Work instructions :: Using the data that follows, give the number of lines where the string "destruct" occurs, and nothing else.

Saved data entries

Lemma Wpot_is_derive x : is_derive (Wpot N r0) x (dWpot N r0 x).
Proof.
  pose proof (sq_r0_bounds x) as Hs.
  pose proof (sq_r0_is_derive x) as Hsd.
  assert (HN0 := N_is_derive N HN (r0 x ^ 2) ltac:(lra)).
  assert (HN1 := Derive_n_N_is_derive N HN 1 (r0 x ^ 2) ltac:(lra)).
  unfold Wpot, dWpot. eapply is_derive_eq.
  - apply is_derive_Rplus.
    + exact (is_derive_Rcomp N (fun t => r0 t ^ 2) x _ _ HN0 Hsd).
    + apply is_derive_Rmult; [|exact Hsd].
      exact (is_derive_Rcomp (Derive N) (fun t => r0 t ^ 2) x _ _ HN1 Hsd).
  - simpl. ring.
Qed.

Lemma Vpot_eq x : Vpot N r0 x = dWpot N r0 x + Wpot N r0 x ^ 2.
Proof. unfold Vpot. now rewrite (is_derive_unique _ _ _ (Wpot_is_derive x)). Qed.

Lemma Wpot_dWpot_bounded :
  exists Wm M, forall x, Rabs (Wpot N r0 x) <= Wm /\ Rabs (dWpot N r0 x) <= M.
Proof.
  destruct (N_bounded N HN) as [C0 HC0].
  destruct (Derive_n_N_bounded N HN 1) as [C1 HC1].
  destruct (Derive_n_N_bounded N HN 2) as [C2 HC2].
  exists (C0 + C1 * 1), (2 * 1 * C0 * (2 * C1 + 1 * C2)). intros x.
  pose proof (sq_r0_bounds x) as Hs. unfold Wpot, dWpot. set (s := r0 x ^ 2) in *.
  assert (HN0 : Rabs (N s) <= C0)
    by (destruct (HC0 s Hs); rewrite Rabs_pos_eq; lra).
  assert (HN1 : Rabs (Derive N s) <= C1) by exact (HC1 s ltac:(lra)).
  assert (HN2 : Rabs (Derive_n N 2 s) <= C2) by exact (HC2 s ltac:(lra)).
  assert (Hs1 : Rabs s <= 1) by (rewrite Rabs_pos_eq; lra).
  assert (H2 : Rabs 2 <= 2) by (rewrite Rabs_pos_eq; lra).
  split.
  - eapply Rle_trans; [apply Rabs_triang|].
    apply Rplus_le_compat; [exact HN0 | exact (Rabs_mult_le _ _ _ _ HN1 Hs1)].
  - apply Rabs_mult_le; [apply Rabs_mult_le; [exact (Rabs_mult_le _ _ _ _ H2 Hs1) | exact HN0]|].
    eapply Rle_trans; [apply Rabs_triang|].
    apply Rplus_le_compat; apply Rabs_mult_le; assumption.
Qed.

Lemma Wpot_Vpot_bounded :
  exists Wm Vm, forall x, Rabs (Wpot N r0 x) <= Wm /\ Rabs (Vpot N r0 x) <= Vm.
Proof.
  destruct Wpot_dWpot_bounded as [Wm [M HB]]. exists Wm, (M + Wm * Wm).
  intros x. destruct (HB x) as [HW HdW]. split; auto.
  rewrite Vpot_eq. eapply Rle_trans; [apply Rabs_triang|].
  pose proof (Rabs_mult_le _ _ _ _ HW HW). simpl. rewrite Rmult_1_r. lra.
Qed.

Lemma ground_state_sq x : ground_state N r0 x ^ 2 = r0 x ^ 2 * N (r0 x ^ 2).
Proof.
  pose proof (sq_r0_bounds x). pose proof (N_pos N HN (r0 x ^ 2) ltac:(lra)).
  unfold ground_state. rewrite Rpow_mult_distr, pow2_sqrt; lra.
Qed.

Lemma ground_state_is_derive x :
  is_derive (ground_state N r0) x (Wpot N r0 x * ground_state N r0 x).
Proof.
  pose proof (sq_r0_bounds x). pose proof (N_pos N HN (r0 x ^ 2) ltac:(lra)) as Hn.
  assert (Hd : is_derive (fun t => N (r0 t ^ 2)) x
                 (Derive N (r0 x ^ 2) * (2 * r0 x ^ 2 * N (r0 x ^ 2))))
    by (apply (is_derive_Rcomp N (fun t => r0 t ^ 2)); [apply (N_is_derive N HN); lra |];
        apply sq_r0_is_derive).
  unfold ground_state. eapply is_derive_eq.
  - apply is_derive_Rmult; [apply Hr | apply (is_derive_sqrt _ _ _ Hd Hn)].
  - unfold Wpot. pose proof (sqrt_lt_R0 _ Hn). pose proof (sqrt_sqrt _ (Rlt_le _ _ Hn)) as Hsq.
    set (q := sqrt (N (r0 x ^ 2))) in *. rewrite <- Hsq. field. lra.
Qed.

Lemma ground_state_sq_bounds : exists M, forall x, 0 < ground_state N r0 x ^ 2 <= M.
Proof.
  destruct (N_bounded N HN) as [C HC]. exists C. intros x.
  rewrite ground_state_sq. pose proof (sq_r0_bounds x). pose proof (HC (r0 x ^ 2) ltac:(lra)).
  split; nra.
Qed.

Lemma L2C_ground_state : L2C (fun x => RtoC (ground_state N r0 x)).
Proof.
  assert (Hmod : forall x, Cmod (RtoC (ground_state N r0 x)) ^ 2 = ground_state N r0 x ^ 2)
    by (intros x; rewrite Cmod_R; apply pow2_abs).
  unfold L2C.
  apply (ex_RInt_gen_of_bounded_increasing_primitive (fun t => / 2 * r0 t ^ 2)
           (fun x => Cmod (RtoC (ground_state N r0 x)) ^ 2) 0 (1 / 2)).
  - intros x. eapply is_derive_eq; [apply is_derive_scal, sq_r0_is_derive|].
    rewrite Hmod, ground_state_sq. field.
  - intros x. apply (continuous_ext (fun t => ground_state N r0 t ^ 2)).
    + intros t. now rewrite Hmod.
    + exact (is_derive_continuous _ _ _ (is_derive_Rsqr _ _ _ (ground_state_is_derive x))).
  - intros x. apply pow2_ge_0.
  - intros x. pose proof (sq_r0_bounds x). lra.
Qed.

Lemma eigenpair_ground_state : eigenpair N r0 0%C (fun x => RtoC (ground_state N r0 x)).
Proof.
  split; [apply L2C_ground_state | split].
  - exists 0. intros Heq. apply (f_equal Re) in Heq. simpl in Heq.
    destruct ground_state_sq_bounds as [M HM]. pose proof (HM 0) as H0. rewrite Heq in H0. lra.
  - exists (fun x => RtoC (Wpot N r0 x * ground_state N r0 x)). intros x. split.
    + apply is_derive_RtoC, ground_state_is_derive.
    + eapply is_derive_Ceq.
      * apply is_derive_RtoC, is_derive_Rmult;
          [apply Wpot_is_derive | apply ground_state_is_derive].
      * rewrite Vpot_eq. apply injective_projections; simpl; ring.
Qed.

End Ground_state.

Theorem lemma8p5 (N r0 : R -> R) (lam : C) (U V : R -> C) :
  nonlinearity N ->
  (forall x, is_derive r0 x (r0 x * N (r0 x ^ 2))) ->
  r0 0 = 1 / 2 ->
  L2C U -> L2C V ->
  (exists x, U x <> 0%C \/ V x <> 0%C) ->
  (forall x, is_derive U x (RtoC (Wpot N r0 x) * U x + lam * V x)%C) ->
  (forall x, is_derive V x (lam * U x - RtoC (Wpot N r0 x) * V x)%C) ->
  (* (i) *)
  (Im (- (lam * lam))%C = 0 /\ eigenpair N r0 (- (lam * lam))%C U) /\
  (* (ii) E = 0 is the lowest eigenvalue *)
  ((exists phi, eigenpair N r0 0%C phi) /\
   (forall (E : C) phi, eigenpair N r0 E phi -> Im E = 0 /\ 0 <= Re E)).
Proof.
  intros HN Hr Hr0 HLU HLV Hnz HU HV.
  pose proof (Wpot_is_derive N r0 HN Hr Hr0) as HW.
  pose proof (Vpot_eq N r0 HN Hr Hr0) as HVpot.
  destruct (Wpot_Vpot_bounded N r0 HN Hr Hr0) as [Wm [Vm HB]].
  destruct (ground_state_sq_bounds N r0 HN Hr Hr0) as [M HM].
  pose proof (dirac_Re_lambda _ _ _ _ HU HV HLU HLV Hnz) as Hlam.
  split; [split|split].
  - destruct lam as [a b]. simpl in *. subst a. ring.
  - split; [exact HLU | split].
    + exact (dirac_U_nonzero _ _ _ _ HV _ M (ground_state_is_derive N r0 HN Hr Hr0) HM HLV Hnz).
    + exists (fun t => RtoC (Wpot N r0 t) * U t + lam * V t)%C. intros x. split; [apply HU|].
      eapply is_derive_Ceq; [exact (dirac_second_order _ _ _ _ HU HV _ HW x)|].
      rewrite HVpot. ring.
  - exists (fun x => RtoC (ground_state N r0 x)). now apply eigenpair_ground_state.
  - intros E phi [HL [[x0 Hx0] [dphi Hd]]].
    apply (eigenvalue_real_nonneg (Wpot N r0) (dWpot N r0) (Vpot N r0) Wm Vm HW HVpot
             (fun x => proj1 (HB x)) (fun x => proj2 (HB x)) E phi dphi x0 HL Hx0);
      intros x; apply Hd.
Qed.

Solution to this problem :: 11